Why Concepts Help

It cannot be stressed enough that a domain like movies is difficult to describe with unified concepts. For instance, the content of a picture may be ambiguous, but if we see a cat, it is silly to claim that the cat is a car. In other words, for domains like text or images, we have at least well-defined input values for the feature extraction. The task is nevertheless everything but trivial because of variations in images (pose, lightning, quality) and the complexity of words as such.
For example, the digit “6”, encoded as raw pixels, has only one meaning, similar to a text that is about flowers. There are lots of different variations of either a “6” or the topic of flowers possible, but the meaning is nevertheless still well-defined.

Now, we consider a movie like “Resident Evil”. Without a doubt, there is also a well-defined meaning, but without a proper vocabulary, it is much harder to describe. Let us assume that people have to summarize the story with keywords. How possible is it that all summaries are identical or even close? It is very likely that different people have different focuses and thus, the results are likely to vary a lot. And this is at the same time a major challenge and a big problem. Why?
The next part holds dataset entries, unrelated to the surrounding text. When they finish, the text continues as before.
(* Right R-modules are left modules over the converse ring R^c:
   the right action x.r is written (r : R^c) *: x. *)
Definition injective_rmod (R : pzRingType) (I : lmodType R^c) : Prop :=
  forall (M N : lmodType R^c) (j : M -> N) (g : M -> I),
    Rlinear j -> injective j -> Rlinear g ->
    exists h : N -> I, Rlinear h /\ forall m : M, h (j m) = g m.

(* I (x)_R L, using I (x)_R R^k = I^k: the differential
   I^(n (i+1)) -> I^(n i) is x |-> (j |-> sum_k x_k . D i k j). *)
Definition tens_map (R : pzRingType) (I : lmodType R^c) (a b : nat)
    (A : 'M[R]_(a, b)) (x : 'I_a -> I) : 'I_b -> I :=
  fun j => \sum_(k < a) (A k j : R^c) *: x k.

Definition tensor_exact (R : pzRingType) (n : int -> nat)
    (D : forall i : int, 'M[R]_(n (i + 1), n i)) (I : lmodType R^c) : Prop :=
  forall i : int,
    (forall u : 'I_(n (i + 1 + 1)) -> I,
       forall j, tens_map (D i) (tens_map (D (i + 1)) u) j = 0) /\
    (forall x : 'I_(n (i + 1)) -> I, (forall j, tens_map (D i) x j = 0) ->
       exists u : 'I_(n (i + 1 + 1)) -> I,
         forall k, tens_map (D (i + 1)) u k = x k).

From HB Require Import structures.
From mathcomp Require Import all_boot all_order all_algebra.
From mathcomp Require Import lra zify.
From mathcomp Require Import boolp classical_sets functions.
Set Implicit Arguments. Unset Strict Implicit. Unset Printing Implicit Defensive.
Import GRing.Theory Num.Theory Order.TTheory.
Local Open Scope ring_scope.
Definition is_ideal (I : {vspace V}) : Prop :=
  graded I /\ forall x y, y \in I -> br x y \in I.

(* [A, B] : span of all brackets [a, b], a in A, b in B
   (by bilinearity, spanned by brackets of basis vectors) *)
Definition brsp (A B : {vspace V}) : {vspace V} :=
  <<[seq br x y | x <- vbasis A, y <- vbasis B]>>%VS.

Fixpoint derived (k : nat) (I : {vspace V}) : {vspace V} :=
  if k is k'.+1 then brsp (derived k' I) (derived k' I) else I.

Definition solvable (I : {vspace V}) : Prop := exists k, derived k I = 0%VS.

(* radical (the largest solvable ideal) is zero, i.e. every solvable ideal is 0 *)
Definition semisimple : Prop :=
  forall I, is_ideal I -> solvable I -> I = 0%VS.

Definition transitive_pair (L0 : {vspace V}) : Prop :=
  is_subalg L0 /\ forall I, is_ideal I -> (I <= L0)%VS -> I = 0%VS.

Definition maximal_subalg (L0 : {vspace V}) : Prop :=
  [/\ is_subalg L0, L0 != fullv &
      forall A, is_subalg A -> (L0 <= A)%VS -> A = L0 \/ A = fullv].

Definition L1 (L0 : {vspace V}) (x : V) : Prop :=
  x \in L0 /\ forall y, br x y \in L0.

Definition nonlinear_primitive (L0 : {vspace V}) : Prop :=
  [/\ transitive_pair L0, maximal_subalg L0 &
      exists x, x != 0 /\ L1 L0 x].

Definition direct_sum_of_two_nonzero_ideals : Prop :=
  exists I J : {vspace V},
    [/\ is_ideal I, is_ideal J, I != 0%VS, J != 0%VS &
        (directv (I + J)%VS) /\ ((I + J)%VS = fullv)].

End LieSuper.

From HB Require Import structures.
From mathcomp Require Import all_boot all_order all_algebra.
From mathcomp Require Import reals complex.
Set Implicit Arguments. Unset Strict Implicit. Unset Printing Implicit Defensive.
Import Order.TTheory GRing.Theory Num.Theory.
Local Open Scope ring_scope.

(* Maximality of L0 forces L = L0 + K for every nonzero ideal K.  If moreover
   an ideal K meets L0 trivially, then [L_1, K] lies in K :&: L0 = 0, so
   [L, L_1] = [L0, L_1] lies in L_1 by Jacobi: L_1 is an ideal inside L0,
   hence zero by transitivity, which contradicts nonlinearity.  On the other
   hand, if a nonzero ideal M centralizes an ideal K, then L = L0 + M makes
   K :&: L0 an ideal, so K :&: L0 = 0.  Thus no nonzero ideal centralizes
   another one; this excludes nonzero abelian ideals (hence solvable ones,
   via the last nonzero term of the derived series) and decompositions
   L = I (+) J, for which [I, J] lies in I :&: J = 0. *)

Section LieSuperalgebra.
Variables (F : fieldType) (V : vectType F).
Variables (Vev Vod : {vspace V}) (br : V -> V -> V).
Hypothesis HL : is_lie_superalgebra Vev Vod br.

Local Notation hom := (homog Vev Vod).
Local Notation graded := (graded Vev Vod).
Local Notation is_ideal := (is_ideal Vev Vod br).

Definition ad x := br x.
Definition adr y := br^~ y.

Fact ad_is_linear x : linear (ad x).
Proof. by case: HL => _ bil _ _ _ a u v; rewrite /ad (bil a u v x).2. Qed.
Fact adr_is_linear y : linear (adr y).
Proof. by case: HL => _ bil _ _ _ a u v; rewrite /adr (bil a u v y).1. Qed.
HB.instance Definition _ x := GRing.isLinear.Build F V V _ (ad x) (ad_is_linear x).
HB.instance Definition _ y := GRing.isLinear.Build F V V _ (adr y) (adr_is_linear y).
(* Let $X$ be an HLC space, $R$ a commutative noetherian ring and $\mathcal{A}$ a sheaf of $R$-modules on $X$. Then the sequence $$0\to\mathcal{A}\to\mathcal{S}^0_{\mathrm{fg}}(X;\mathcal{A})\to\mathcal{S}^1_{\mathrm{fg}}(X;\mathcal{A})\to\mathcal{S}^2_{\mathrm{fg}}(X;\mathcal{A})\to\cdots$$ is exact.
   Context: $\mathcal{S}^n(X;\mathcal{A})$ is the sheaf of germs of $U\mapsto S^n(U;\mathcal{A}(U))$ (functions from singular $n$-simplices of $U$ to $\mathcal{A}(U)$, restriction via restricting simplices and $\mathcal{A}(U)\to\mathcal{A}(V)$), with singular coboundary; $\mathcal{S}^n_{\mathrm{fg}}(X;\mathcal{A})=\mathcal{S}^n(X;\mathcal{R})\otimes_R\mathcal{A}$ ($\mathcal{R}=R\times X$), identified with the subsheaf of germs of cochains whose values lie in a finitely generated submodule of $\mathcal{A}(U)$. The first map sends the germ of a section $s\in\mathcal{A}(U)$ to the germ of the constant $0$-cochain $u\mapsto s$. HLC: for every $x$, neighbourhood $U$ of $x$ and $n\ge0$ there is a neighbourhood $V\subseteq U$ of $x$ with $\tilde H_n(V;\mathbb{Z})\to\tilde H_n(U;\mathbb{Z})$ zero. *)

From HB Require Import structures.
From mathcomp Require Import all_boot all_order all_algebra.
From mathcomp Require Import all_classical all_reals all_analysis.
From mathcomp Require Import Rstruct Rstruct_topology.

Set Implicit Arguments.
Unset Strict Implicit.
Unset Printing Implicit Defensive.

Import Order.TTheory GRing.Theory Num.Theory.
Local Open Scope classical_set_scope.
Local Open Scope ring_scope.

Notation RR := Rdefinitions.R.

Definition stdsimplex (n : nat) : set 'rV[RR]_n.+1 :=
  [set t | (forall j, 0 <= t 0 j) /\ \sum_(j < n.+1) t 0 j = 1].

Arguments stdsimplex n : clear implicits.

(* Delta^n as a topological space: subspace topology (initial topology of the
   inclusion) on the subtype. *)
Definition Delta (n : nat) := set_type (stdsimplex n).

(* i-th face row map R^{n+1} -> R^{n+2}: insert a 0 at coordinate i. *)
Definition face_row (n : nat) (i : 'I_n.+2) (t : 'rV[RR]_n.+1) : 'rV[RR]_n.+2 :=
  \row_j (if unlift i j is Some k then t 0 k else 0).

Lemma face_row_simplex n (i : 'I_n.+2) t :
  stdsimplex n t -> stdsimplex n.+1 (face_row i t).
Proof.
move=> [t0 t1]; split.
  by move=> j; rewrite mxE; case: unlift.
rewrite (bigD1_ord i) //= mxE unlift_none add0r -t1.
by apply: eq_bigr => k _; rewrite mxE liftK.
Qed.

Definition face (n : nat) (i : 'I_n.+2) (t : Delta n) : Delta n.+1 :=
  exist _ (face_row i (set_val t))
    (mem_set (face_row_simplex i (set_mem (valP t)))).

Section Singular.
Variable X : topologicalType.

Definition singular (n : nat) (U : set X) (sigma : Delta n -> X) : Prop :=
  continuous sigma /\ (forall t, U (sigma t)).

(* integral singular n-chains, as finite formal sums sum_k a_k sigma_k *)
Definition chain (n : nat) := seq (int * (Delta n -> X)).

Definition chain_in (n : nat) (U : set X) (c : chain n) : Prop :=
  List.Forall (fun p => singular U p.2) c.

Definition coef (n : nat) (c : chain n) (tau : Delta n -> X) : int :=
  \sum_(p <- c) (if `[< p.2 = tau >] then p.1 else 0).

(* equality of chains in the free abelian group on singular simplices *)
Definition chain_eq (n : nat) (c d : chain n) : Prop :=
  forall tau, coef c tau = coef d tau.

Definition bdry (n : nat) (c : chain n.+1) : chain n :=
  flatten [seq [seq (((-1) ^+ i * p.1)%R, p.2 \o @face n i) | i : 'I_n.+2 <- enum 'I_n.+2]
          | p : int * (Delta n.+1 -> X) <- c].

Definition augment (c : chain 0) : int := \sum_(p <- c) p.1.

Definition reduced_cycle (n : nat) : chain n -> Prop :=
  match n as k return chain k -> Prop with
  | 0 => fun c => augment c = 0
  | m.+1 => fun c => chain_eq (bdry c) [::]
  end.

(* HLC: for every x, neighbourhood U of x and n >= 0 there is a neighbourhood
   V of x inside U such that  H~_n(V;Z) -> H~_n(U;Z)  is zero, i.e. every
   reduced n-cycle of V is a boundary in U. *)
Definition HLC : Prop :=
  forall (x : X) (U : set X), nbhs x U -> forall n : nat,
    exists V : set X, [/\ nbhs x V, V `<=` U &
      forall z : chain n, chain_in V z -> reduced_cycle z ->
        exists w : chain n.+1, chain_in U w /\ chain_eq (bdry w) z].


Definition ideal (R : comPzRingType) (I : set R) : Prop :=
  [/\ I 0, (forall a b, I a -> I b -> I (a + b)) &
      (forall r a, I a -> I (r * a))].

Definition noetherian (R : comPzRingType) : Prop :=
  forall I : nat -> set R, (forall n, ideal (I n)) -> (forall n, I n `<=` I n.+1) ->
    exists N, forall n, (N <= n)%N -> I n = I N.

(* The module of sections and the restriction maps are given for all subsets /
   pairs of subsets; only their values on open sets and inclusions matter and
   only those are constrained by the axioms. *)
Unset Implicit Arguments.
Record sheaf (R : comPzRingType) := Sheaf {
  sec : set X -> lmodType R;
  res : forall U V : set X, sec U -> sec V;
  res_linear : forall U V, open U -> open V -> V `<=` U -> linear (res U V);
  res_id : forall U, open U -> forall s, res U U s = s;
  res_comp : forall U V W, open U -> open V -> open W -> W `<=` V -> V `<=` U ->
    forall s, res V W (res U V s) = res U W s;
  sheaf_local : forall (U : set X) (I : Type) (V : I -> set X),
    open U -> (forall i, open (V i)) -> \bigcup_i V i = U ->
    forall s t : sec U, (forall i, res U (V i) s = res U (V i) t) -> s = t;
  sheaf_glue : forall (U : set X) (I : Type) (V : I -> set X),
    open U -> (forall i, open (V i)) -> \bigcup_i V i = U ->
    forall f : forall i, sec (V i),
      (forall i j, res (V i) (V i `&` V j) (f i) = res (V j) (V i `&` V j) (f j)) ->
      exists s : sec U, forall i, res U (V i) s = f i
}.
Set Implicit Arguments.
Arguments sec {R} s0 U.
Arguments res {R} s0 U V _.

Section Cochains.
Variables (R : comPzRingType) (A : sheaf R).

(* an element of  S^n(U; A(U)) : a function on singular n-simplices of U with
   values in A(U) (represented by a function on all maps Delta^n -> X; only its
   values on singular n-simplices of U are relevant, see below). *)
Definition cochain (n : nat) (U : set X) := (Delta n -> X) -> sec A U.

Definition cobdry (n : nat) (U : set X) (c : cochain n U) : cochain n.+1 U :=
  fun sigma => \sum_(i < n.+2) ((-1) ^+ i : R) *: c (sigma \o face i).

Definition span (M : lmodType R) (s : seq M) : set M :=
  [set v | exists r : 'I_(size s) -> R, v = \sum_(i < size s) r i *: nth 0 s i].

Definition fg_cochain (n : nat) (U : set X) (c : cochain n U) : Prop :=
  exists s : seq (sec A U), forall sigma, @singular n U sigma -> span s (c sigma).

Definition germ_zero (n : nat) (U : set X) (x : X) (c : cochain n U) : Prop :=
  exists V : set X, [/\ open V, V x, V `<=` U &
    forall sigma, @singular n V sigma -> res A U V (c sigma) = 0].

End Cochains.
End Singular.
Arguments singular {X} n U sigma.
Arguments sec {X R} s0 U.
Arguments res {X R} s0 U V _.
Arguments cochain {X R} A n U.
Arguments cobdry {X R A n U} c _.
Arguments fg_cochain {X R A n U} c.
Arguments germ_zero {X R} A {n} U x c.
Arguments HLC X : clear implicits.
Arguments noetherian R : clear implicits.

From Pilot Require Import Defs.
From HB Require Import structures.
From mathcomp Require Import all_boot all_order all_algebra.
From mathcomp Require Import all_classical all_reals all_analysis.
From mathcomp Require Import Rstruct Rstruct_topology.
From mathcomp Require Import zify.
Import Order.TTheory GRing.Theory Num.Theory.
Local Open Scope classical_set_scope.
Local Open Scope ring_scope.

Set Implicit Arguments.
Unset Strict Implicit.
Unset Printing Implicit Defensive.

(* HLC lets one bound, inside a prescribed neighbourhood of x, every reduced
   cycle of a smaller neighbourhood.  Doing this degree by degree yields, for
   any neighbourhood V of x, a smaller neighbourhood W and chain operators E_k
   sending singular k-simplices of W to (k+1)-chains of V with
   dE_0 s = s - [x]  and  dE_(k+1) s = s - E_k (ds).  Dually every cochain f
   satisfies  f = E^*(df) + d(E^* f)  on W  (f = E^*(df) + f([x]) in degree 0),
   so a cochain whose coboundary vanishes near x is, near x, constant in
   degree 0 and the coboundary of E^* f in higher degrees.  The values of
   E^* f are integral combinations of values of f, so E^* f is finitely
   generated whenever f is. *)

(** * Face maps *)

(* [face_row] on nat-indexed coordinates, where the simplicial identity is
   plain arithmetic. *)
Definition insert_zero (i : nat) (u : nat -> RR) (j : nat) : RR :=
  if (j < i)%N then u j else if j == i then 0 else u j.-1.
Because without a taxonomy of descriptive words, different people would annotate movies with different meta keywords. Sometimes people even can’t agree on a genre of a movie.

With high-level concepts, we can at least unify the process to improve the situation a little. It is still a challenge to come up with a good taxonomy but in our opinion, it is worth the time. So, what are some descriptive concepts for our example movie?
– zombies, virus, mutants, heroine, combats
– ai/computer, corporation, bio-weapon

The list is neither complete nor accurate, but if somebody reads it, she will have a good grasp of the movie content. And even with this few keywords, we can model some relations: For instance, in a lot of movies, zombies are a consequence of a virus and so are mutants. Thus, we could infer the rule virus -> {zombies, mutants}.

In other words, there are dozens of zombie topics possible, like zombie-war, zombie-apocylpse, zombie-animal, zombie-plague, … but all these share the root concept “zombies”. Thus, we could start by grouping all movies together that have something to do with zombies and then, the next step would be to encode more details at the next level, and the next layer and so forth.

With concepts, it is much easier to classify movies with a theme, like ‘zombies’, ‘robots’ or ‘alien-invasion’. This is what some folks try with keywords, but often the shallow encoding does not work very well. Here is an example: “wedding-bells”, “wedding-plans” and “wedding-guest”, all keywords clearly belong to the wedding theme, but this cannot be directly inferred.

For that reason we decided to work on a model that incorporates this hierarchical knowledge of keywords into the process to create a proper concept space. The idea is to move pairs of movies closer together if the major themes are very similar even if the details might differ.